During the final months of her life, things became increasingly difficult for Phyllis. Oxygen machines were installed in the couple’s Benson Street home and a stair lift was fitted so that Phyllis could get up to the bathroom and bedroom.
However, despite being on oxygen for 24 hours a day, Phyllis found it difficult to stand for even a few minutes, with Michael having to lift her onto the stair lift and look after her personal hygiene.
“I couldn’t leave her on her own,” Michael explained. “I could only go out to Tesco for half an hour to get some food. She never complained about the state she was in but she was upset that she wouldn’t see our granddaughter grow up.”
Despite benefitting from a short course of steroids, Phyllis continued to decline and on Monday November 23 Michael noticed that she spent the day in bed and was very tired. “It was unusual for her because she always liked to get up,” he explained. “On the Tuesday morning she couldn’t lift her head from the pillows. I got her up to use the commode and she collapsed on the bed, She was unconscious and to be honest I thought that she had gone.

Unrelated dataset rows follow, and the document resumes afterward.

Lemma smoothO_taylor2 w r : smoothO 0 r ->
  smoothO 2 (fun dt p => dt * 'D_w (r dt) p - (r dt (p + dt *: w) - r dt p)).
Proof.
move=> [r_smooth r_O].
have incr_smooth dt : 0 < dt -> smooth (fun p => r dt (p + dt *: w) - r dt p).
  by move=> /r_smooth rs; apply: smoothB => //; apply: smooth_translate.
split=> [dt dt_gt0|l].
  by apply: smoothB; [apply/smoothZ/smooth_derive/r_smooth|apply: incr_smooth].
have [C [delta [delta_gt0 r_le]]] := r_O (w :: w :: l).
exists C, delta; split=> // dt dt_gt0 dt_lt p.
have rs := r_smooth _ dt_gt0.
rewrite DseqB; [|exact/smoothZ/smooth_derive|exact: incr_smooth].
rewrite DseqB //; last exact: smooth_translate.
rewrite DseqZ; last exact: smooth_derive.
rewrite Dseq_translate Dseq_deriveC // distrC.
apply: taylor2_le; [exact: smooth_Dseq|exact: ltW|] => q.
by rewrite -[C]mulr1 -(expr0 dt); apply: r_le.
Qed.

End SmoothRemainders.

Lemma sum_mulmx_inverse {R : pzRingType} n (A B : 'M[R]_n) (x : 'I_n -> R) k :
  A *m B = 1%:M -> \sum_(j < n) A k j * \sum_(i < n) B j i * x i = x k.
Proof.
move=> AB; transitivity (\sum_(i < n) (A *m B) k i * x i).
  under eq_bigr do rewrite mulr_sumr.
  rewrite exchange_big /=; apply: eq_bigr => i _; rewrite mxE mulr_suml.
  by apply: eq_bigr => j _; rewrite mulrA.
rewrite AB (bigD1 k) //= big1 ?addr0 => [|i /negPf ik]; first by rewrite !mxE eqxx mul1r.
by rewrite !mxE eq_sym ik mul0r.
Qed.

Lemma derive_spacetime {R : realType} d (g : @ST R d -> R) (v : 'rV[R]_d) p :
  differentiable g p ->
  'D_((v, 1) : ST d) g p = dT g p + \sum_(b < d) v 0 b * dX b g p.
Proof.
move=> dg; rewrite /dT /dX !deriveE //; under [X in _ = _ + X]eq_bigr do rewrite deriveE //.
pose S := \sum_(b < d) v 0 b *: ((delta_mx 0 b : 'rV_d), 0 : R).
have -> : ((v, 1) : ST d) = (0, 1) + S.
  rewrite [S]surjective_pairing /S (big_morph fst (id1 := 0) (op1 := +%R)) //.
  rewrite (big_morph snd (id1 := 0) (op1 := +%R)) //= -row_sum_delta big1 => [|b _].
    by rewrite -[RHS]/(0 + v, 1 + 0) add0r addr0.
  exact: mulr0.
by rewrite linearD linear_sum; congr (_ + _); apply: eq_bigr => b _; rewrite linearZ.
Qed.

Section Scheme.
Context {R : realType} (d J : nat) (lam : R) (e : 'I_J.+1 -> 'rV[R]_d)
  (M : 'M[R]_J.+1) (G : 'rV[R]_d.+1 -> 'I_J.+1 -> R) (s : 'I_J.+1 -> R).
Local Notation V := (@ST R d).
Hypothesis hMinv : M \in unitmx.
Hypothesis hM0 : forall j, M ord0 j = 1.
Hypothesis hMa : forall (a : 'I_d) j, M (inord a.+1) j = (vel lam e j) 0 a.
Hypothesis hG0 : forall w, \sum_(j < J.+1) G w j = w 0 0.
Hypothesis hGa : forall w (a : 'I_d),
  \sum_(j < J.+1) (vel lam e j) 0 a * G w j = w 0 (inord a.+1).
Hypothesis s_neq0 : forall k : 'I_J.+1, (d < k)%N -> s k != 0.

Definition wvel j : V := (vel lam e j, 1).

Section FixedStep.
Variables (dt : R) (f : 'I_J.+1 -> V -> R).
Implicit Types (j k : 'I_J.+1) (p : V).

Lemma f_mom j p : f j p = \sum_k invmx M j k * mom M f k p.
Proof. by rewrite sum_mulmx_inverse ?mulVmx. Qed.

Lemma feq_meq j p : feq M G f j p = \sum_k invmx M j k * meq M G f k p.
Proof. by rewrite sum_mulmx_inverse ?mulVmx. Qed.

Lemma meq_conserved k p : (k <= d)%N -> meq M G f k p = mom M f k p.
Proof.
rewrite /meq /feq; case: k => -[|a] k_lt k_le.
  have -> : Ordinal k_lt = ord0 by apply: val_inj.
  under eq_bigr do rewrite hM0 mul1r.
  by rewrite hG0 mxE; congr mom; apply/val_inj/inordK.
pose a' : 'I_d := Ordinal k_le.
have -> : Ordinal k_lt = inord a'.+1 by apply/val_inj; rewrite /= inordK.
under eq_bigr do rewrite hMa.
by rewrite hGa mxE; congr mom; apply/val_inj; rewrite /= !inordK.
Qed.

(* For k <= d both sides are mom, whatever the (unconstrained) value of s k. *)
Lemma meq_relaxation k p :
  meq M G f k p = mom M f k p + (mstar M G s f k p - mom M f k p) / s k.
Proof.
rewrite /mstar; case: leqP => [k_le|k_gt]; first by rewrite subrr mul0r addr0 meq_conserved.
by field; apply: s_neq0.
Qed.

Hypothesis hsch : scheme lam e M G s dt f.

Lemma fstar_scheme j p : fstar M G s f j p = f j (p + dt *: wvel j).
Proof.
case: p => x t; rewrite -[x in LHS](addrK (dt *: vel lam e j)) -hsch.
by rewrite /wvel -[_ *: (_, _)]/(dt *: vel lam e j, dt * 1) mulr1.
Qed.

Lemma mstar_sub_mom k p : mstar M G s f k p - mom M f k p =
  \sum_l M k l * (f l (p + dt *: wvel l) - f l p).
Proof.
rewrite -[mstar _ _ _ _ k p](@sum_mulmx_inverse _ _ M (invmx M) (mstar M G s f ^~ p))
  ?mulmxV //.
by rewrite -sumrB; apply: eq_bigr => l _; rewrite -fstar_scheme mulrBr.
Qed.

Lemma feq_scheme j p : feq M G f j p = f j p +
  \sum_k invmx M j k / s k * \sum_l M k l * (f l (p + dt *: wvel l) - f l p).
Proof.
rewrite feq_meq (f_mom j p) -big_split; apply: eq_bigr => k _ /=.
by rewrite meq_relaxation mstar_sub_mom mulrDr mulrA mulrAC.
Qed.

End FixedStep.

Section Expansion.
Variable f : R -> 'I_J.+1 -> V -> R.
Hypothesis hscheme : forall dt, 0 < dt -> scheme lam e M G s dt (f dt).
Hypothesis f_smooth : forall dt j, 0 < dt -> smooth (f dt j).
Hypothesis f_bounded : forall j, LBMO 0 (fun dt => f dt j).
Implicit Types (j k : 'I_J.+1) (p : V).

Definition feq_corr j dt p :=
  \sum_k invmx M j k / s k * \sum_l M k l * (f dt l (p + dt *: wvel l) - f dt l p).

Lemma f_smoothO j : smoothO 0 (fun dt => f dt j).
Proof. by split=> [dt|]; [exact: f_smooth|exact: f_bounded]. Qed.

Lemma feq_corr_smoothO j : smoothO 1 (feq_corr j).
Proof.
apply: smoothO_sum => k _; apply: smoothOZ; apply: smoothO_sum => l _; apply: smoothOZ.
exact: smoothO_increment (f_smoothO l).
Qed.

Lemma feq_split dt j : 0 < dt -> feq M G (f dt) j = fun p => f dt j p + feq_corr j dt p.
Proof. by move=> /hscheme f_sch; apply/funext => p; rewrite (feq_scheme f_sch). Qed.

Lemma theta_split dt k : 0 < dt -> theta lam e M G (f dt) k = fun p =>
  \sum_j M k j * 'D_(wvel j) (f dt j) p + \sum_j M k j * 'D_(wvel j) (feq_corr j dt) p.
Proof.
move=> dt_gt0; apply/funext => p; rewrite /theta -big_split; apply: eq_bigr => j _ /=.
have [fs cs] := (f_smooth j dt_gt0, (feq_corr_smoothO j).1 dt dt_gt0).
rewrite -mulrDr -derive_spacetime feq_split //; last exact: (smoothD fs cs [::]).
by congr (_ * _); apply: (congr1 (@^~ p) (DseqD [:: wvel j] fs cs)).
Qed.

Lemma theta_smooth dt k : 0 < dt -> smooth (theta lam e M G (f dt) k).
Proof.
move=> dt_gt0; rewrite theta_split //.
apply: smoothD; apply: smooth_sum => j; apply/smoothZ/smooth_derive.
  exact: f_smooth.
exact: (feq_corr_smoothO j).1.
Qed.

Lemma mom_meq_expansion k : (d < k)%N -> smoothO 2 (fun dt p =>
  mom M (f dt) k p - meq M G (f dt) k p + dt / s k * theta lam e M G (f dt) k p).
Proof.
move=> k_gt.
have taylorO : smoothO 2 (fun dt p => \sum_j M k j *
    (dt * 'D_(wvel j) (f dt j) p - (f dt j (p + dt *: wvel j) - f dt j p))).
  by apply: smoothO_sum => j _; apply/smoothOZ/smoothO_taylor2/f_smoothO.
have corrO : smoothO 2 (fun dt p => dt * \sum_j M k j * 'D_(wvel j) (feq_corr j dt) p).
  by apply/smoothO_dtM/smoothO_sum => j _; apply/smoothOZ/smoothO_derive/feq_corr_smoothO.
apply: smoothO_eq (smoothOZ (s k)^-1 (smoothOD taylorO corrO)) => dt dt_gt0.
apply/funext => p; rewrite theta_split // meq_relaxation (mstar_sub_mom (hscheme dt_gt0)).
rewrite [X in _ * (X + _)](_ : _ = dt * \sum_j M k j * 'D_(wvel j) (f dt j) p -
    \sum_j M k j * (f dt j (p + dt *: wvel j) - f dt j p)).
  by move: (\sum_j _) (\sum_j _) (\sum_j _) => A B C; ring.
by rewrite mulr_sumr -sumrB; apply: eq_bigr => j _; rewrite mulrBr mulrCA.
Qed.

Lemma mstar_meq_expansion k : (d < k)%N -> smoothO 2 (fun dt p =>
  mstar M G s (f dt) k p - meq M G (f dt) k p
  + (1 / s k - 1) * dt * theta lam e M G (f dt) k p).
Proof.
move=> k_gt; apply: smoothO_eq (smoothOZ (1 - s k) (mom_meq_expansion k_gt)) => dt _.
apply/funext => p; rewrite /mstar leqNgt k_gt /=.
by field; apply: s_neq0.
Qed.

Lemma fstar_feq_expansion j : smoothO 2 (fun dt p =>
  fstar M G s (f dt) j p - feq M G (f dt) j p
  + dt * \sum_(k < J.+1 | (d < k)%N)
           (1 / s k - 1) * invmx M j k * theta lam e M G (f dt) k p).
Proof.
have : smoothO 2 (fun dt p => \sum_(k < J.+1 | (d < k)%N) invmx M j k *
    (mstar M G s (f dt) k p - meq M G (f dt) k p
     + (1 / s k - 1) * dt * theta lam e M G (f dt) k p)).
  by apply: smoothO_sum => k k_gt; apply/smoothOZ/mstar_meq_expansion.
apply: smoothO_eq => dt _; apply/funext => p.
rewrite /fstar feq_meq -sumrB mulr_sumr !(big_mkcond (fun k => (d < k)%N)) -big_split /=.
apply: eq_bigr => k _; case: ltnP => [_|k_le]; first ring.
by rewrite /mstar k_le meq_conserved // subrr addr0.
Qed.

“I called the ambulance and she woke up but they said her blood pressure was very low and they rushed her to the hospital.
“She was admitted to the coronary ward at the Mater hospital in Belfast. That day the doctor called me and told me there was noting more they could do for her, apart from making her comfortable.
“They let Jason and me go to see her for an hour and she was sitting up with the oxygen mask on and was able to talk to us. It was about three o’clock in the afternoon and we said a very loving goodbye. The doctor told me she knew she didn’t have long left but she never mentioned it to me and I didn’t mention it either. I think she wanted to spare Jason and I.
“At 11.15pm the hospital rang to say she was in a critical condition so Jason and I went back down. Sadly we missed her by ten minutes but we were able to go into the room with her.
“I have a big hole in my life, and it will take much time to fill, but I know that she is at peace in heaven and that I, as her loving husband, had done all that was possible. I do get comfort from that.”
Phyllis was cremated and her ashes were recently interred with her mother and father in their grave at Holy Trinity Parish Church in Aghalee,
Despite how painful it is to talk about the loss of Phyllis, Michael was determined to speak out to raise the profile of this terrible condition.
“At the time I didn’t even know there was a charity for pulmonary fibrosis,” explained Michael. “I told Jason I wanted to look online to find out more and I came across the Pulmonary Fibrosis Trust. It is an organisation that cares for people that have the condition.
“As soon as I found out about it, I contacted them to share Phyllis’s story.
“I want to get people talking about it and thinking about it. If people are breathless they maybe put it down to getting older but you need to get it checked out. It is always better to make sure it is nothing more than a chest infection.”
As well as raising awareness, Michael is determined to raise money for the charity as well. “Because the Trust is a charity I want to do something for them,” he continued.
Never one to shy away from a challenge, Michael is hoping to take the plunge when the covid-19 restrictions are eased, and complete a sponsored parachute jump.
“I would like to do something like a parachute jump nearer to the anniversary of Phyllis’ death,” he said. “Pulmonary fibrosis is a cruel disease which has taken Phyllis from me. It needs more publication, more investigation and above all more finance. I hope that in the future months I will be in a better position to help do that.”